(* The diagonal entries of [psi_k(e_r)] are [1 - eps k] and [eps k / (n - 1)]. *)
Lemma psi_ebasis k (r i : 'I_n) :
  exists2 c : R, 0 < c < 1 & psi eps k (ebasis r) i = (c%:C)%C.
Proof.
have /andP[e0 e1] := eps01 k.
have hm1 : 1 <= (n.-1)%:R :> R by rewrite ler1n predn_gt0.
rewrite /psi /ebasis; case: (eqVneq i r) => [->|hir].
  exists (1 - eps k); first by apply/andP; split; lra.
  by rewrite mul1r big1 ?mulr0 ?addr0 // => j /negbTE ->.
exists (eps k / (n.-1)%:R).
  by apply/andP; split; [rewrite divr_gt0 //; lra | rewrite ltr_pdivrMr; nra].
rewrite mul0r add0r (bigD1 r) 1?eq_sym //= eqxx big1 ?addr0 ?mulr1 //.
by move=> j /andP[_ /negbTE ->].
Qed.

Lemma inH_Psi_ebasis r (x : vH) : inH x -> inH (Psi eps (ebasis r) x).
Proof.
apply: (inH_mul_bounded (M := 1)) => // k i.
by have [c /andP[c0 c1] ->] := psi_ebasis k r i; rewrite csq_real; nra.
Qed.

Lemma Psi_ebasis_idem_eq0 r (y : vH) :
  Psi eps (ebasis r) (Psi eps (ebasis r) y) = Psi eps (ebasis r) y -> y = (fun _ _ => 0).
Proof.
move=> h; apply/funext => k; apply/funext => i.
move: h => /(congr1 (fun f => f k i)); rewrite /Psi.
have [c /andP[c0 c1] ->] := psi_ebasis k r i.
move/eqP; rewrite mulrA -subr_eq0 -mulrBl mulf_eq0 => /orP[|/eqP //].
rewrite -rmorphM -rmorphB -(rmorph0 (real_complex R)) (inj_eq (@complexI R)) subr_eq0.
by move=> /eqP hc; exfalso; nra.
Qed.

Section compression.
Variables p q : op R n.
Hypothesis p_proj : projection p.
Hypothesis qp : op_eq q p.
Hypothesis intertwine : forall (a : linf R n) (x : vH),
  inH x -> compl_op q (Psi eps a x) = Psi eps a (compl_op p x).

Lemma compl_op_Psi_ebasis r (y : vH) : inH y -> p y = (fun _ _ => 0) ->
  compl_op q (Psi eps (ebasis r) y) = Psi eps (ebasis r) y.
Proof.
move=> hy py0; rewrite intertwine //; congr Psi.
by apply/funext => k; apply/funext => i; rewrite /compl_op py0 subr0.
Qed.

Lemma p_Psi_ebasis r (y : vH) : inH y -> p y = (fun _ _ => 0) ->
  p (Psi eps (ebasis r) y) = (fun _ _ => 0).
Proof.
move=> hy py0; rewrite -qp; last exact: inH_Psi_ebasis.
exact/compl_op_fixed/compl_op_Psi_ebasis.
Qed.

(* On the range of [1 - p], which every [Psi(e_r)] preserves, the compression is [Psi(e_r)]
   itself; so idempotence there forces that range to be [0]. *)
Lemma compl_op_idem_projection_id :
  (forall r (y : vH), inH y -> p y = (fun _ _ => 0) ->
     compl_op q (Psi eps (ebasis r) (compl_op q (Psi eps (ebasis r) y)))
     = compl_op q (Psi eps (ebasis r) y)) ->
  op_eq p (@idop R n).
Proof.
move=> idem x hx; have [hy py0] := projection_compl_op p_proj hx.
apply: compl_op_eq0; apply/funext => k; apply/funext => r.
rewrite (@Psi_ebasis_idem_eq0 r (compl_op p x)) //; have := idem r _ hy py0.
rewrite (compl_op_Psi_ebasis r hy py0).
by rewrite (compl_op_Psi_ebasis r (inH_Psi_ebasis r hy) (p_Psi_ebasis r hy py0)).
Qed.

End compression.

Lemma star_hom_compression_id (p : op R n) : projection p ->
  (forall (a : linf R n) (x : vH), inH x -> compl_op p (Psi eps a x) = Psi eps a (compl_op p x)) ->
  star_hom (fun a x => compl_op p (Psi eps a x)) -> op_eq p (@idop R n).
Proof.
move=> hp intertwine [_ hmul _].
apply: (compl_op_idem_projection_id hp _ intertwine) => [//|r y hy _].
by rewrite -hmul // ebasis_mul.
Qed.

Lemma triple_morphism_compression_id (p q : op R n) : projection p -> projection q ->
  (forall (a : linf R n) (x : vH), inH x -> compl_op q (Psi eps a x) = Psi eps a (compl_op p x)) ->
  triple_morphism (fun a x => compl_op q (Psi eps a x)) ->
  op_eq p (@idop R n) /\ op_eq q (@idop R n).
Proof.
move=> hp hq intertwine [_ htriple].
have qp : op_eq q p.
  by move=> x hx; apply: compl_opI; have := intertwine (fun _ => 1) x hx; rewrite !Psi1.
have adj1 : is_adjoint (fun x => compl_op q (Psi eps (fun _ => 1) x)) (compl_op q).
  by under eq_fun do rewrite Psi1; apply: is_adjoint_compl_op.
have p_id : op_eq p (@idop R n).
  apply: (compl_op_idem_projection_id hp qp intertwine) => r y hy py0.
  have := htriple (ebasis r) (fun _ => 1) (ebasis r) _ adj1 y hy.
  by rewrite ebasis_triple !(compl_op_Psi_ebasis intertwine r hy py0); apply: esym.
by split=> // x hx; rewrite qp //; apply: p_id.
Qed.

End rigidity.

Section complete_isometry.
Variables (R : realType) (n : nat) (eps : nat -> R).
Hypothesis n_ge2 : (2 <= n)%N.
Hypothesis eps01 : forall k, 0 < eps k < 1.
Hypothesis eps_cvg0 : eps @ \oo --> 0.
Local Notation C := R[i].
Local Notation vH := (vecH R n).

Section amplification.
Variables (m : nat) (A : 'I_m -> 'I_m -> linf R n).

Definition coord_mx (r : 'I_n) : 'I_m -> 'I_m -> C := fun i j => A i j r.

(* The amplification of [Psi] acts on the coordinate [s] of the block [k] by this matrix. *)
Definition psi_mx k (s : 'I_n) : 'I_m -> 'I_m -> C := fun i j => psi eps k (A i j) s.

Lemma mxv_psi_mx k s w : mxv (psi_mx k s) w =
  (fun i => ((1 - eps k)%:C)%C * mxv (coord_mx s) w i +
            ((eps k / (n.-1)%:R)%:C)%C * \sum_(t < n | t != s) mxv (coord_mx t) w i).
Proof.
apply/funext => i; rewrite /mxv /psi_mx /coord_mx /psi.
rewrite exchange_big /= !mulr_sumr -big_split /=; apply: eq_bigr => j _.
by rewrite -mulr_suml; ring.
Qed.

+ + + + +

The task - Your task is to quote all of the data word for word.

Completed exercise -
(* The diagonal entries of [psi_k(e_r)] are [1 - eps k] and [eps k / (n - 1)]. *)
Lemma psi_ebasis k (r i : 'I_n) :
  exists2 c : R, 0 < c < 1 & psi eps k (ebasis r) i = (c%:C)%C.
Proof.
have /andP[e0 e1] := eps01 k.
have hm1 : 1 <= (n.-1)%:R :> R by rewrite ler1n predn_gt0.
rewrite /psi /ebasis; case: (eqVneq i r) => [->|hir].
  exists (1 - eps k); first by apply/andP; split; lra.
  by rewrite mul1r big1 ?mulr0 ?addr0 // => j /negbTE ->.
exists (eps k / (n.-1)%:R).
  by apply/andP; split; [rewrite divr_gt0 //; lra | rewrite ltr_pdivrMr; nra].
rewrite mul0r add0r (bigD1 r) 1?eq_sym //= eqxx big1 ?addr0 ?mulr1 //.
by move=> j /andP[_ /negbTE ->].
Qed.

Lemma inH_Psi_ebasis r (x : vH) : inH x -> inH (Psi eps (ebasis r) x).
Proof.
apply: (inH_mul_bounded (M := 1)) => // k i.
by have [c /andP[c0 c1] ->] := psi_ebasis k r i; rewrite csq_real; nra.
Qed.

Lemma Psi_ebasis_idem_eq0 r (y : vH) :
  Psi eps (ebasis r) (Psi eps (ebasis r) y) = Psi eps (ebasis r) y -> y = (fun _ _ => 0).
Proof.
move=> h; apply/funext => k; apply/funext => i.
move: h => /(congr1 (fun f => f k i)); rewrite /Psi.
have [c /andP[c0 c1] ->] := psi_ebasis k r i.
move/eqP; rewrite mulrA -subr_eq0 -mulrBl mulf_eq0 => /orP[|/eqP //].
rewrite -rmorphM -rmorphB -(rmorph0 (real_complex R)) (inj_eq (@complexI R)) subr_eq0.
by move=> /eqP hc; exfalso; nra.
Qed.

Section compression.
Variables p q : op R n.
Hypothesis p_proj : projection p.
Hypothesis qp : op_eq q p.
Hypothesis intertwine : forall (a : linf R n) (x : vH),
  inH x -> compl_op q (Psi eps a x) = Psi eps a (compl_op p x).

Lemma compl_op_Psi_ebasis r (y : vH) : inH y -> p y = (fun _ _ => 0) ->
  compl_op q (Psi eps (ebasis r) y) = Psi eps (ebasis r) y.
Proof.
move=> hy py0; rewrite intertwine //; congr Psi.
by apply/funext => k; apply/funext => i; rewrite /compl_op py0 subr0.
Qed.

Lemma p_Psi_ebasis r (y : vH) : inH y -> p y = (fun _ _ => 0) ->
  p (Psi eps (ebasis r) y) = (fun _ _ => 0).
Proof.
move=> hy py0; rewrite -qp; last exact: inH_Psi_ebasis.
exact/compl_op_fixed/compl_op_Psi_ebasis.
Qed.

(* On the range of [1 - p], which every [Psi(e_r)] preserves, the compression is [Psi(e_r)]
   itself; so idempotence there forces that range to be [0]. *)
Lemma compl_op_idem_projection_id :
  (forall r (y : vH), inH y -> p y = (fun _ _ => 0) ->
     compl_op q (Psi eps (ebasis r) (compl_op q (Psi eps (ebasis r) y)))
     = compl_op q (Psi eps (ebasis r) y)) ->
  op_eq p (@idop R n).
Proof.
move=> idem x hx; have [hy py0] := projection_compl_op p_proj hx.
apply: compl_op_eq0; apply/funext => k; apply/funext => r.
rewrite (@Psi_ebasis_idem_eq0 r (compl_op p x)) //; have := idem r _ hy py0.
rewrite (compl_op_Psi_ebasis r hy py0).
by rewrite (compl_op_Psi_ebasis r (inH_Psi_ebasis r hy) (p_Psi_ebasis r hy py0)).
Qed.

End compression.

Lemma star_hom_compression_id (p : op R n) : projection p ->
  (forall (a : linf R n) (x : vH), inH x -> compl_op p (Psi eps a x) = Psi eps a (compl_op p x)) ->
  star_hom (fun a x => compl_op p (Psi eps a x)) -> op_eq p (@idop R n).
Proof.
move=> hp intertwine [_ hmul _].
apply: (compl_op_idem_projection_id hp _ intertwine) => [//|r y hy _].
by rewrite -hmul // ebasis_mul.
Qed.

Lemma triple_morphism_compression_id (p q : op R n) : projection p -> projection q ->
  (forall (a : linf R n) (x : vH), inH x -> compl_op q (Psi eps a x) = Psi eps a (compl_op p x)) ->
  triple_morphism (fun a x => compl_op q (Psi eps a x)) ->
  op_eq p (@idop R n) /\ op_eq q (@idop R n).
Proof.
move=> hp hq intertwine [_ htriple].
have qp : op_eq q p.
  by move=> x hx; apply: compl_opI; have := intertwine (fun _ => 1) x hx; rewrite !Psi1.
have adj1 : is_adjoint (fun x => compl_op q (Psi eps (fun _ => 1) x)) (compl_op q).
  by under eq_fun do rewrite Psi1; apply: is_adjoint_compl_op.
have p_id : op_eq p (@idop R n).
  apply: (compl_op_idem_projection_id hp qp intertwine) => r y hy py0.
  have := htriple (ebasis r) (fun _ => 1) (ebasis r) _ adj1 y hy.
  by rewrite ebasis_triple !(compl_op_Psi_ebasis intertwine r hy py0); apply: esym.
by split=> // x hx; rewrite qp //; apply: p_id.
Qed.

End rigidity.

Section complete_isometry.
Variables (R : realType) (n : nat) (eps : nat -> R).
Hypothesis n_ge2 : (2 <= n)%N.
Hypothesis eps01 : forall k, 0 < eps k < 1.
Hypothesis eps_cvg0 : eps @ \oo --> 0.
Local Notation C := R[i].
Local Notation vH := (vecH R n).

Section amplification.
Variables (m : nat) (A : 'I_m -> 'I_m -> linf R n).

Definition coord_mx (r : 'I_n) : 'I_m -> 'I_m -> C := fun i j => A i j r.

(* The amplification of [Psi] acts on the coordinate [s] of the block [k] by this matrix. *)
Definition psi_mx k (s : 'I_n) : 'I_m -> 'I_m -> C := fun i j => psi eps k (A i j) s.

Lemma mxv_psi_mx k s w : mxv (psi_mx k s) w =
  (fun i => ((1 - eps k)%:C)%C * mxv (coord_mx s) w i +
            ((eps k / (n.-1)%:R)%:C)%C * \sum_(t < n | t != s) mxv (coord_mx t) w i).
Proof.
apply/funext => i; rewrite /mxv /psi_mx /coord_mx /psi.
rewrite exchange_big /= !mulr_sumr -big_split /=; apply: eq_bigr => j _.
by rewrite -mulr_suml; ring.
Qed.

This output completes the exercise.